Completed offerings resulting in net proceeds of over $14.7 million.
Continued progress on the Company’s out-licensing effort to partner NSI-566 and reached an agreement to license NSI-189.
Announced the completion of the last subject’s follow-up assessment in the Company’s non-GCP Phase II trial evaluating NSI-566, for the treatment of chronic ischemic stroke.
Financial Results for the Year Ended December 31, 2020

Cash Position and Liquidity: At December 31, 2020, cash was approximately $10.5 million as compared to approximately $5.1 million at December 31, 2019.

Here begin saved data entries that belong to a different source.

Lemma lone_cop_step (s : State V N) :
  noncap s -> ~~ is_rob (mover s) -> lone_cop (mover s) (step s (pos s rob)).
Proof.
move/noncapP=> nc cn; rewrite /lone_cop !pos_step eqxx rob_neq_cop //.
by split=> // i ci ni; rewrite pos_step (negbTE ni); apply: nc.
Qed.

Section Game.
Variables gamma eps : R.
Hypothesis hg : Rlt R0 gamma /\ Rlt gamma R1.
Hypothesis heps : Rlt R0 eps.

Lemma weight_lone_cop m c (s : State V N) :
  ~~ is_rob m -> ~~ is_rob c -> m != c -> lone_cop c s ->
  weight eps m s = Rdiv eps (INR (N - 1 - 1)).
Proof.
move=> cm cc mc [cr others].
have one : ncops_on_rob s = 1.
  rewrite /ncops_on_rob -(cards1 c); apply: eq_card => i; rewrite !inE on_robE.
  have [->|ic] := eqVneq i c; first by rewrite cc cr eqxx.
  by case: (boolP (is_rob i)) => //= ci; apply/negbTE/others.
rewrite /weight (negbTE cm) one on_robE (negbTE (others m cm mc)).
by case: N hN => [|[|[|n]]].
Qed.

Lemma weight_robber r (s : State V N) : is_rob r -> weight eps r s = Ropp R1.
Proof. by rewrite /weight => ->. Qed.

Lemma CR_optimal_capture n sh (s : State V N) :
  CR_optimal e gamma eps n sh -> noncap s -> mover s = n -> ~~ is_rob n ->
  e (pos s n) (pos s rob) -> sh s = pos s rob.
Proof.
case=> r [rr [psi [[_ opt] <-]]] nc sn cn adj; have [_ coal] := opt s nc.
pose tau k := of_pos (fun s' : State V N =>
  if allowed e (pos s' k) (pos s' rob) then pos s' rob else pos s' k).
have legal k : k != r -> legal_h e k (tau k).
  by move=> _ h s' _ _; rewrite /tau /of_pos; case: ifP => // _; rewrite /allowed eqxx.
have nr : (n == r) = false by apply: contraNF cn => /eqP ->.
have := coal tau legal.
rewrite (@payoff_first_capture _ _ _ _ (upd tau r (of_pos (psi r))) _ 1); first last.
- by case.
- rewrite /state_at /= sn /upd nr /tau /of_pos /allowed adj orbT.
  by apply: (capture_by cn); rewrite !pos_step sn eqxx rob_neq_cop.
rewrite weight_robber //=.
have [//|miss] := eqVneq (psi n s) (pos s rob).
have early t : t < 2 -> ~~ capture (state_at (fun k => of_pos (psi k)) s t).
  case: t => [|[|]] // _; apply/noncapP => i ci.
  rewrite /state_at /= sn /of_pos !pos_step sn rob_neq_cop //.
  by case: ifP => _; [apply: miss | apply/noncapP].
case: (payoff_late (weight eps r) gamma early) => [-> | [t t2 ->]]; rewrite ?weight_robber //.
  by case: hg => *; lra.
by have := pow_lt_self hg t2; case: hg => *; lra.
Qed.

Lemma lone_cop_capture c (s : State V N) : ~~ is_rob c -> lone_cop c s -> capture s.
Proof. by move=> cc [cr _]; apply: capture_by cc cr. Qed.

Lemma lone_cop_weight_pos : Rlt R0 (Rdiv eps (INR (N - 1 - 1))).
Proof. by apply: Rdiv_lt_0_compat heps (lt_0_INR _ _); apply/ltP; case: N hN => [|[|[|n]]]. Qed.

Lemma optimal_coalition_no_delay m psi (s : State V N) tau T c :
  optimal e gamma eps m psi -> ~~ is_rob m -> noncap s ->
  ~~ is_rob (mover s) -> m != mover s -> psi (mover s) s = pos s rob ->
  (forall k, k != m -> legal_h e k (tau k)) -> 1 < T -> ~~ is_rob c -> m != c ->
  (forall t, t < T -> ~~ capture (state_at (upd tau m (of_pos (psi m))) s t)) ->
  lone_cop c (state_at (upd tau m (of_pos (psi m))) s T) -> False.
Proof.
move=> [_ opt] cm nc cn mn hit legal T1 cc mc early lone; have [_ coal] := opt s nc.
have at1 : state_at (fun k => of_pos (psi k)) s 1 = step s (pos s rob).
  by rewrite /state_at /= /of_pos hit.
have lone1 := lone_cop_step nc cn; rewrite -at1 in lone1.
have := coal tau legal.
rewrite (payoff_first_capture _ _ (lone_cop_capture cc lone) early) (weight_lone_cop cm cc mc lone).
rewrite (payoff_first_capture _ _ (lone_cop_capture cn lone1)); last by case.
rewrite (weight_lone_cop cm cn mn lone1) /=.
by have := pow_lt_self hg T1; have := lone_cop_weight_pos; case: hg => *; nra.
Qed.

Section Positional.
Variables (s0 : State V N) (phi : 'I_N -> 'I_N -> pstrat V N).
Hypothesis phi_opt : trigger_choice e gamma eps phi.
Hypothesis phi_pos : positional e gamma eps s0 phi.

Lemma positional_capture m (s : State V N) :
  reachable e s0 s -> noncap s -> ~~ is_rob (mover s) -> e (pos s (mover s)) (pos s rob) ->
  phi m (mover s) s = pos s rob.
Proof.
move=> rs nc cn adj; have [sh [crsh agree]] := phi_pos (mover s) m.
by rewrite agree //; apply: CR_optimal_capture crsh nc _ cn adj.
Qed.

Lemma positional_no_delay f m tau T c :
  reached s0 f -> e (f copL) (f rob) -> ~~ is_rob m -> m != copL ->
  (forall k, k != m -> legal_h e k (tau k)) -> 1 < T -> ~~ is_rob c -> m != c ->
  (forall t, t < T -> ~~ capture (state_at (upd tau m (of_pos (phi m m))) (f, copL) t)) ->
  lone_cop c (state_at (upd tau m (of_pos (phi m m))) (f, copL) T) -> False.
Proof.
move=> [ff rf] adj cm mL legal T1 cc mc early lone.
have nc : noncap ((f, copL) : State V N) by apply/noncap_cop_free.
apply: (optimal_coalition_no_delay (phi_opt m) cm nc copL_cop mL _ legal T1 cc mc early lone).
exact: positional_capture (rf copL) nc copL_cop adj.
Qed.

Lemma robber_steps_onto_cop f m :
  symmetric e -> reached s0 f -> e (f copL) (f rob) -> ~~ is_rob m -> m != copL ->
  (forall i, ~~ is_rob i -> i != copL -> f i != f copL) -> False.
Proof.
move=> e_sym rf adj cm mL apart.
pose tau k := of_pos (fun s' : State V N =>
  if (k == rob) && allowed e (pos s' k) (f copL) then f copL else pos s' k).
have legal k : k != m -> legal_h e k (tau k).
  by move=> _ h s' _ _; rewrite /tau /of_pos; case: ifP => [/andP [] | _] //; rewrite /allowed eqxx.
pose P := upd tau m (of_pos (phi m m)).
have Lm : (copL == m) = false by rewrite eq_sym; apply: negbTE.
have at1 : state_at P (f, copL) 1 = (f, rob).
  by rewrite /state_at /= /P /upd Lm /tau /of_pos cop_neq_rob ?copL_cop // step_stay ordS_copL.
have at2 : state_at P (f, copL) 2 = step (f, rob) (f copL).
  rewrite state_atS at1 /P /upd /= rob_neq_cop // /tau /of_pos eqxx /=.
  by rewrite /allowed /pos /= e_sym adj orbT.
apply: (positional_no_delay (T := 2) (c := copL) rf adj cm mL legal) => //.
- exact: copL_cop.
- by case=> [|[|]] //= _; rewrite -/P ?at1; apply/noncap_cop_free; case: rf.
- rewrite at2; split; first by rewrite !pos_step /= eqxx cop_neq_rob ?copL_cop.
  by move=> i ci iL; rewrite !pos_step /= eqxx cop_neq_rob //; apply: apart.
Qed.

Lemma second_cop_captures f :
  3 < N -> reached s0 f -> e (f copL) (f rob) -> e (f cop0) (f rob) -> False.
Proof.
move=> N4 rf adjL adj0.
pose tau k := of_pos (fun s' : State V N =>
  if (k == cop0) && allowed e (pos s' k) (pos s' rob) then pos s' rob else pos s' k).
have legal k : k != cop1 -> legal_h e k (tau k).
  by move=> _ h s' _ _; rewrite /tau /of_pos; case: ifP => [/andP [] | _] //; rewrite /allowed eqxx.
pose P := upd tau cop1 (of_pos (phi cop1 cop1)).
have nc0 : noncap ((f, cop0) : State V N) by apply/noncap_cop_free; case: rf.
have at1 : state_at P (f, copL) 1 = (f, rob).
  rewrite /state_at /= /P /upd copL_neq_cop1 // /tau /of_pos.
  by rewrite [copL == _]eq_sym cop0_neq_copL step_stay ordS_copL.
have at2 : state_at P (f, copL) 2 = (f, cop0).
  rewrite state_atS at1 /P /upd /= rob_neq_cop ?cop1_cop // /tau /of_pos.
  by rewrite rob_neq_cop ?cop0_cop // -[rob]/(mover (f, rob)) step_stay ordS_rob.
have at3 : state_at P (f, copL) 3 = step (f, cop0) (pos (f, cop0) rob).
  by rewrite state_atS at2 /P /upd /= /tau /of_pos eqxx /= /allowed /pos /= adj0 orbT.
have mL : cop1 != copL by rewrite eq_sym copL_neq_cop1.
apply: (positional_no_delay (T := 3) (c := cop0) rf adjL cop1_cop mL legal) => //.
- exact: cop0_cop.
- by case=> [|[|[|]]] //= _; rewrite -/P ?at1 ?at2 //; apply/noncap_cop_free; case: rf.
- by rewrite at3; apply: (lone_cop_step nc0 cop0_cop).
Qed.

End Positional.

End Game.

End Board.

Theorem mainTheorem4 (V : finType) (e : rel V)
  (e_sym : symmetric e) (e_irr : irreflexive e)
  (e_conn : forall x y : V, connect e x y) (hV : 3 <= #|V|)
  (N : nat) (hN : 3 <= N) (eps : R)
  (heps : Rlt R0 eps /\ Rle eps (Rinv (INR (N - 1))))
  (s0 : State V N) (hs0 : noncap s0) :
  forall gamma : R, Rlt R0 gamma /\ Rlt gamma R1 ->
  forall phi : 'I_N -> 'I_N -> pstrat V N,
    trigger_choice e gamma eps phi ->
    nonpositional e gamma eps s0 phi.
Proof.
move=> gamma hg phi phi_opt phi_pos.
have r0 : reached e hN s0 s0.1 := reached_state hN (connect0 _ _) hs0.
have [N4 | N3] := ltnP 3 N.
  have [f [rf adjL adj0]] := reached_two_adjacent e_conn r0.
  exact: (second_cop_captures hg (proj1 heps) phi_opt phi_pos N4 rf adjL adj0).
have {}N3 : N = 3 by apply/eqP; rewrite eqn_leq N3 hN.
have [f [rf adj apart]] := reached_lone_adjacent e_conn N3 e_irr hV r0.
apply: (robber_steps_onto_cop hg (proj1 heps) phi_opt phi_pos e_sym rf adj (cop0_cop hN)).
  by rewrite cop0_neq_copL.
by move=> i /(cops_of_three hN N3) [-> | ->] //; rewrite eqxx.
Qed.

Operating Loss: Operating loss for the year ended December 30, 2020 was $10.7 million compared to a loss of $8.6 million for the comparable 2019 period. The increase in operating loss for 2020 was due to an increase in G&A expenses which reflects an enhanced management structure to support corporate objectives as well as professional fees in connection with the proposed merger, when compared to the same period of 2019.

Net Loss: Net loss for the year ended December 31, 2020 was $16.3 million, or $1.17 per share, compared to a loss of $8.4 million, or $3.80 per share on a post-reverse stock-split basis, for the same period in 2019. The 2020 increase in net loss was primarily attributed to an increase in G&A, as noted above, and a non-cash expense of $5.6 million related to the January 2020 warrant inducement offering.